When we first arrived in Mexico, my family lived in the same neighborhood Diego Rivera and his wife, Frida Khalo once lived in. One of my earliest childhood memories is looking out my bedroom window in Coyoacan onto a sky of fireworks that lit up the plaza next to which Frida had her tragic accident. After her bus accident, the constant suffering Frida endured became a way of life which she expressed through her self portraits. This honest unveiling of pain and injustice fascinated me as a child, and Frida and Diego’s art dripped with it!


How much does the art an artist is exposed to as a child influence their own artistic creations? Today I awoke contemplating this question, particularly as I reminisce on the paintings and collages I produced as an adolescent, which reflected some of the same tragic themes as those engaged by Diego and Frida. My photography today is quite tame in comparison! Perhaps this is because I still feel like a novice who is experimenting with this new medium. The acquisition of my camera, also arrived at a new phase in my life which included a different environment; far from the political corruption which fueled much of Rivera’s work, and saturated the beautiful city we once called our home.



I was twelve years old when my family felt forced to leave Mexico City due to death threats my father received in response to efforts he was involved in to expose government corruption. After the sudden assassination of one of my father’s colleagues, my mother had had enough, and we fled the country. My childhood self thus associates a certain political upheaval with Mexico City. There seems to be something almost intrinsic to the valley itself that has has colored it’s history with a passion for politics beginning with the Aztecs. This passion was certainly shared by Diego and Frida.


As artists are usually very sensually attuned to the world which surrounds them, I believe the environmental tapestries an artist lives in inevitably seep into their work: either by their total absence, or by their unmistakable presence. Both Diego and Frida certainly presented the ethos and history of Mexico City in their paintings! They also made faces prominent. In contrast, my photographs are faceless, and leave the observer with little -if any- hints to my upbringing in Mexico. For now, this seems to be what I am most moved to create. In the future, however, I have a dream that I return to the amazing city I grew up in, and capture myself in it with my camera. I see myself seeking out the very same murals I stood before as a little girl, hoping they will affect me the same way; injecting me with awe and inspiration. Yes, Diego’s work used to overwhelm me to the point that I utterly lost myself to everything and everyone else around me! My surroundings would disappear and all that would remain would be Diego’s mural and me.

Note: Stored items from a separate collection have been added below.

Lemma skmulXsub1 b : skmul tau ('X - 1) b = tauP b * 'X - b.
Proof.
rewrite /skmul -polyC1 size_XsubC !big_ord_recl big_ord0 addr0 /= addrC; congr (_ + _).
  rewrite /map_poly poly_def mulr_suml; apply: eq_bigr => j _.
  by rewrite coefB coefX coefC subr0 mul1r -scalerAl -exprSr.
rewrite -[in RHS](coefK b) poly_def -sumrN; apply: eq_bigr => j _.
by rewrite coefB coefX coefC sub0r mulN1r scaleNr.
Qed.

Definition sigma_row {r} (v : 'rV[{poly K}]_r) := 'X *: map_mx tauP v.

Lemma smulX r (v : 'rV_r) : smul tau 'X v = sigma_row v.
Proof. by apply/rowP => j; rewrite !mxE skmulX mulrC. Qed.

Lemma smulC r c (v : 'rV_r) : smul tau c%:P v = c%:P *: v.
Proof. by apply/rowP => j; rewrite !mxE skmulC. Qed.

Lemma smulXsub1 r (v : 'rV_r) : smul tau ('X - 1) v = sigma_row v - v.
Proof. by apply/rowP => j; rewrite !mxE skmulXsub1 mulrC. Qed.

Lemma sigma_rowD r (v w : 'rV_r) : sigma_row (v + w) = sigma_row v + sigma_row w.
Proof. by rewrite /sigma_row map_mxD scalerDr. Qed.

Lemma sigma_rowB r (v w : 'rV_r) : sigma_row (v - w) = sigma_row v - sigma_row w.
Proof. by rewrite /sigma_row map_mxB scalerBr. Qed.

Lemma sigma_row_sum r m (G : 'I_m -> 'rV_r) :
  sigma_row (\sum_(i < m) G i) = \sum_(i < m) sigma_row (G i).
Proof. by rewrite /sigma_row map_mx_sum scaler_sumr. Qed.

Lemma sigma_rowC r c (v : 'rV_r) : sigma_row (c%:P *: v) = (tau c)%:P *: sigma_row v.
Proof. by rewrite /sigma_row map_mxZ /= map_polyC !scalerA mulrC. Qed.

Lemma sigma_row_eq0 r (v : 'rV_r) : sigma_row v = 0 -> v = 0.
Proof.
move/eqP; rewrite scalemx_eq0 polyX_eq0 /= => /eqP/rowP v0; apply/rowP => j.
by apply: (map_poly_inj invfrob); have := v0 j; rewrite !mxE rmorph0.
Qed.

(* Entrywise [p = 'X * tauP p], and the right side is one degree larger. *)
Lemma sigma_row_fixed r (v : 'rV_r) : sigma_row v = v -> v = 0.
Proof.
move/rowP => v_fixed; apply/rowP => j; rewrite mxE.
have [//|p_neq0] := eqVneq (v 0 j) 0.
have := congr1 (fun p : {poly K} => size p) (v_fixed j); rewrite !mxE mulrC size_mulX ?map_poly_eq0 //.
by rewrite size_map_poly => /esym/n_Sn.
Qed.

Section Cokernel.

Context {r0 r1 : nat} {f : 'rV[{poly K}]_r0 -> 'rV[{poly K}]_r1}.
Hypotheses (f_hom : skew_hom tau f) (f_inj : injective f).
Context {n : nat} {w : 'I_n -> 'rV[{poly K}]_r1}.
Hypothesis w_span : forall x, exists (c : 'I_n -> K) (v : 'rV[{poly K}]_r0),
  x = \sum_(i < n) (c i)%:P *: w i + f v.
Hypothesis w_free : forall c : 'I_n -> K,
  (exists v, \sum_(i < n) (c i)%:P *: w i = f v) -> forall i, c i = 0.

Lemma fD v v' : f (v + v') = f v + f v'. Proof. exact: f_hom.1. Qed.

Lemma f0 : f 0 = 0.
Proof. by apply: (addrI (f 0)); rewrite -fD !addr0. Qed.

Lemma fB v v' : f (v - v') = f v - f v'.
Proof. by apply: (addIr (f v')); rewrite -fD !subrK. Qed.

Lemma f_sum m (G : 'I_m -> 'rV_r0) : f (\sum_(i < m) G i) = \sum_(i < m) f (G i).
Proof. exact: (big_morph f fD f0). Qed.

Lemma f_sigma v : f (sigma_row v) = sigma_row (f v).
Proof. by rewrite -!smulX f_hom.2. Qed.

Lemma fC c v : f (c%:P *: v) = c%:P *: f v.
Proof. by rewrite -!smulC f_hom.2. Qed.

Definition lincomb {r} (u : 'I_n -> 'rV[{poly K}]_r) (c : 'rV[K]_n) :=
  map_mx polyC c *m \matrix_i u i.

Lemma lincombE r (u : 'I_n -> 'rV_r) c : lincomb u c = \sum_i (c 0 i)%:P *: u i.
Proof. by rewrite /lincomb mulmx_sum_row; apply: eq_bigr => i _; rewrite rowK mxE. Qed.

Lemma lincombB r (u : 'I_n -> 'rV_r) c c' :
  lincomb u (c - c') = lincomb u c - lincomb u c'.
Proof. by rewrite /lincomb map_mxB mulmxBl. Qed.

Lemma lincomb0 r (u : 'I_n -> 'rV_r) : lincomb u 0 = 0.
Proof. by rewrite -(subrr 0) lincombB subrr. Qed.

Lemma lincomb_mulmx r (u : 'I_n -> 'rV_r) c (A : 'M_n) :
  lincomb u (c *m A) = \sum_j (c 0 j)%:P *: lincomb u (row j A).
Proof.
rewrite mulmx_sum_row /lincomb map_mx_sum mulmx_suml; apply: eq_bigr => j _.
by rewrite map_mxZ -scalemxAl.
Qed.

Lemma decomp x : exists c v, x = lincomb w c + f v.
Proof.
have [c [v ->]] := w_span x; exists (\row_i c i), v.
by rewrite lincombE; congr (_ + _); apply: eq_bigr => i _; rewrite mxE.
Qed.

Lemma lincomb_eq_f c v : lincomb w c = f v -> c = 0.
Proof.
move=> cv; apply/rowP => i; rewrite mxE.
by apply: (w_free (fun i => c 0 i)); exists v; rewrite -lincombE.
Qed.

Lemma lincomb_f_inj c c' v v' :
  lincomb w c + f v = lincomb w c' + f v' -> c = c' /\ v = v'.
Proof.
move=> eq_cv.
have : lincomb w (c - c') = f (v' - v).
  by rewrite lincombB fB; apply/eqP; rewrite subr_eq addrAC eq_sym subr_eq addrC eq_cv.
move/lincomb_eq_f/eqP; rewrite subr_eq0 => /eqP cc'; split=> //.
by apply: f_inj; move: eq_cv; rewrite cc' => /addrI.
Qed.

Lemma exists_sigma_matrix : exists (B : 'M[K]_n) (U : 'I_n -> 'rV[{poly K}]_r0),
  forall j, sigma_row (w j) = lincomb w (row j B) + f (U j).
Proof.
have /fin_all_exists [cv cvE] : forall j, exists cv : 'rV[K]_n * 'rV[{poly K}]_r0,
    sigma_row (w j) = lincomb w cv.1 + f cv.2.
  by move=> j; have [c [v ->]] := decomp (sigma_row (w j)); exists (c, v).
by exists (\matrix_j (cv j).1), (fun j => (cv j).2) => j; rewrite rowK.
Qed.

Section SigmaMatrix.

Context {B : 'M[K]_n} {U : 'I_n -> 'rV[{poly K}]_r0}.
Hypothesis sigma_w : forall j, sigma_row (w j) = lincomb w (row j B) + f (U j).

Lemma sigma_lincomb c :
  sigma_row (lincomb w c) = lincomb w (c^tau *m B) + f (lincomb U c^tau).
Proof.
rewrite lincomb_mulmx !lincombE f_sum sigma_row_sum -big_split; apply: eq_bigr => j _.
by rewrite sigma_rowC sigma_w scalerDr fC mxE.
Qed.

Definition ker_coord v c :=
  exists2 h, f v = sigma_row h - h & exists u, h = lincomb w c + f u.

Lemma ker_coord_fixed {v} :
  ker_mod_sm1 tau f v -> exists2 c, c^tau *m B = c & ker_coord v c.
Proof.
case=> h; rewrite smulXsub1 => fv; have [c [u hE]] := decomp h.
exists c; last by exists h => //; exists u.
have fvE : f v = lincomb w (c^tau *m B - c) + f (lincomb U c^tau + sigma_row u - u).
  by rewrite fv hE sigma_rowD sigma_lincomb -(addrA _ _ (sigma_row _)) opprD addrACA lincombB fB fD f_sigma.
move/eqP: fvE; rewrite -subr_eq eq_sym -fB => /eqP/lincomb_eq_f/eqP.
by rewrite subr_eq0 => /eqP.
Qed.

Lemma fixed_ker_coord {c} :
  c^tau *m B = c -> exists2 v, ker_mod_sm1 tau f v & ker_coord v c.
Proof.
move=> c_fixed; exists (lincomb U c^tau).
  by exists (lincomb w c); rewrite smulXsub1 sigma_lincomb c_fixed addrC addKr.
by exists (lincomb w c); [rewrite sigma_lincomb c_fixed addrC addKr | exists 0; rewrite f0 addr0].
Qed.

Lemma ker_coord_cong {v v' c c'} : ker_coord v c -> ker_coord v' c' ->
  c = c' <-> cong_mod_sm1 tau v v'.
Proof.
case=> h fv [u hE] [h' fv' [u' hE']]; split.
  move=> cc'; exists (u - u'); rewrite smulXsub1; apply: f_inj.
  have hh : h - h' = f (u - u') by rewrite hE hE' cc' fB opprD addrACA subrr add0r.
  by rewrite fB fv fv' subrACA -sigma_rowB hh [RHS]fB f_sigma.
case=> u0; rewrite smulXsub1 => e.
have /sigma_row_fixed/eqP : sigma_row (h - h' - f u0) = h - h' - f u0.
  apply/eqP; rewrite -subr_eq0 !sigma_rowB subrACA (subrACA (sigma_row h)).
  by rewrite -fv -fv' -f_sigma -fB e fB subrr.
rewrite subr_eq0 subr_eq hE hE' [f u0 + _]addrC -addrA -fD => /eqP.
by case/lincomb_f_inj.
Qed.

Lemma unitmx_of_mod_sigma_bijective : mod_sigma_bijective tau f -> B \in unitmx.
Proof.
case=> sigma_inj _; apply: contraT => B_sing.
have /rowV0Pn [d /sub_kermxP dB d_neq0] : kermx B != 0 by rewrite kermx_eq0 row_free_unit.
pose c := d^frob.
have sigma_c : sigma_row (lincomb w c) = f (lincomb U c^tau).
  by rewrite sigma_lincomb map_mx_frobK dB lincomb0 add0r.
have [u' u'E] : in_aH tau 'X (lincomb U c^tau - 0).
  by apply: sigma_inj; exists (lincomb w c); rewrite f0 subr0 smulX sigma_c.
move: u'E; rewrite subr0 smulX => u'E.
have : sigma_row (lincomb w c - f u') = 0 by rewrite sigma_rowB sigma_c u'E f_sigma subrr.
move/sigma_row_eq0/eqP; rewrite subr_eq0 => /eqP/lincomb_eq_f c0.
by move: d_neq0; rewrite -(map_mx_frobK _ _ d) -/c c0 map_mx0 eqxx.
Qed.

Lemma mod_sigma_bijective_of_unitmx : B \in unitmx -> mod_sigma_bijective tau f.
Proof.
move=> B_unit; split=> [v v' [h]|x].
  rewrite smulX => fvv'; have [c [u hE]] := decomp h.
  have : lincomb w (c^tau *m B) + f (lincomb U c^tau + sigma_row u) = lincomb w 0 + f (v - v').
    by rewrite lincomb0 add0r fB fvv' hE sigma_rowD sigma_lincomb fD f_sigma addrA.
  case/lincomb_f_inj => cB0 <-; exists u; rewrite smulX.
  have -> : c^tau = 0 by rewrite -(mulmxK B_unit c^tau) cB0 mul0mx.
  by rewrite lincomb0 add0r.
have [c [v ->]] := decomp x; pose d := (c *m invmx B)^frob.
have dB : d^tau *m B = c by rewrite map_mx_frobK mulmxKV.
exists (v - lincomb U d^tau), (lincomb w d).
by rewrite smulX sigma_lincomb dB fB opprB addrA (addrAC (lincomb w c)) addrK.
Qed.

Lemma ker_mod_sm1_family_le {m} {x : 'I_m -> 'rV_r0} :
  (forall i, ker_mod_sm1 tau f (x i)) ->
  (forall i j, i != j -> ~ cong_mod_sm1 tau (x i) (x j)) -> (m <= q ^ \rank B)%N.
Proof.
move=> x_ker x_cong.
have /fin_all_exists [c cE] : forall i, exists c, c^tau *m B = c /\ ker_coord (x i) c.
  by move=> i; have [c c_fixed x_c] := ker_coord_fixed (x_ker i); exists c.
apply: (@card_tau_fixed_rows_le _ _ _ c) => [i|i j c_ij]; first by case: (cE i).
have [//|ij] := eqVneq i j; exfalso; apply: (x_cong i j ij).
exact/(ker_coord_cong (cE i).2 (cE j).2).
Qed.

Lemma ker_mod_sm1_family_unitmx : B \in unitmx ->
  exists x : 'I_(q ^ n) -> 'rV_r0, (forall i, ker_mod_sm1 tau f (x i)) /\
    (forall i j, i != j -> ~ cong_mod_sm1 tau (x i) (x j)).
Proof.
move=> B_unit; have [c [c_fixed c_inj]] := exists_tau_fixed_rows B_unit.
have /fin_all_exists [x xE] : forall i, exists v, ker_mod_sm1 tau f v /\ ker_coord v (c i).
  by move=> i; have [v v_ker v_c] := fixed_ker_coord (c_fixed i); exists v.
exists x; split=> [i|i j /eqP ij x_ij]; first by case: (xE i).
by apply/ij/c_inj/(ker_coord_cong (xE i).2 (xE j).2).
Qed.

Lemma ker_mod_sm1_quot_card :
  quot_card_le (ker_mod_sm1 tau f) (@cong_mod_sm1 K tau r0) (q ^ n)%N /\
  (quot_card_eq (ker_mod_sm1 tau f) (@cong_mod_sm1 K tau r0) (q ^ n)%N
     <-> mod_sigma_bijective tau f).
Proof.
have le_rank : (q ^ \rank B <= q ^ n)%N by rewrite leq_exp2l ?card_finField_gt1 ?rank_leq_row.
have card_le : quot_card_le (ker_mod_sm1 tau f) (@cong_mod_sm1 K tau r0) (q ^ n)%N.
  by move=> m x x_ker x_cong; apply: leq_trans (ker_mod_sm1_family_le x_ker x_cong) le_rank.
split=> //; split=> [[_ [x [x_ker x_cong]]]|/unitmx_of_mod_sigma_bijective B_unit].
  apply: mod_sigma_bijective_of_unitmx; rewrite -row_free_unit /row_free eqn_leq rank_leq_row.
  by rewrite -(leq_exp2l _ _ card_finField_gt1) (ker_mod_sm1_family_le x_ker x_cong).
by split=> //; apply: ker_mod_sm1_family_unitmx.
Qed.

End SigmaMatrix.

End Cokernel.

End InverseFrobenius.

Theorem lemma4
  (F : finFieldType)                          (* F = F_q, q = #|F| *)
  (K : closedFieldType)                       (* K = kbar *)
  (iota : {rmorphism {fraction {poly F}} -> K})   (* k = F_q(T) -> kbar *)
  (Kalg : forall x : K, exists p : {poly {fraction {poly F}}},
            p != 0 /\ root (map_poly iota p) x)
  (tau : K -> K) (Htau : forall x : K, tau x ^+ #|F| = x)   (* tau x = x^(1/q) *)
  (r0 r1 : nat) (f : 'rV[{poly K}]_r0 -> 'rV[{poly K}]_r1)
  (Hf : skew_hom tau f) (Hinj : injective f)
  (n : nat) (Hn : coker_dim f n) :
  quot_card_le (ker_mod_sm1 tau f) (@cong_mod_sm1 K tau r0) (#|F| ^ n)%N /\
  (quot_card_eq (ker_mod_sm1 tau f) (@cong_mod_sm1 K tau r0) (#|F| ^ n)%N
     <-> mod_sigma_bijective tau f).
Proof.
have [w [w_span w_free]] := Hn.
have [B [U sigma_w]] := exists_sigma_matrix (tau := tau) w_span.
pose g : {rmorphism F -> K} := iota \o @tofrac _ \o polyC.
exact: (ker_mod_sm1_quot_card g Htau Hf Hinj w_span w_free sigma_w).
Qed.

From this childhood experience I seem to define good art as that which creates an overwhelming effect in another person. Perhaps because when one emerges from losing oneself in a good work of art, one tends to feel more found then they were before; more connected to the core of their being. At least this is what I felt when I was a little girl after ingesting any of Diego Rivera’s murals. And that feeling never failed to impregnate me with an irresistible urge to create more art! What could be more satisfying to my artistic self, (I asked myself as a child), than to make another person feel what Diego’s art is making me feel now, through one of my own creations? Sometimes, I think this same question lives on as a subconscious influence of the past upon my photo sessions: The subtle residue of a child standing in excitement before the work of a master, secretly seeking to extend that excitement through art of her own. The journey before me is long indeed! But one I look forward to, camera in hand.


1 comment:

  1. Admiro los trabajos tanto de Diego Rivera como de su esposa Frida. Excelente saber que creciste en la ciudad de México.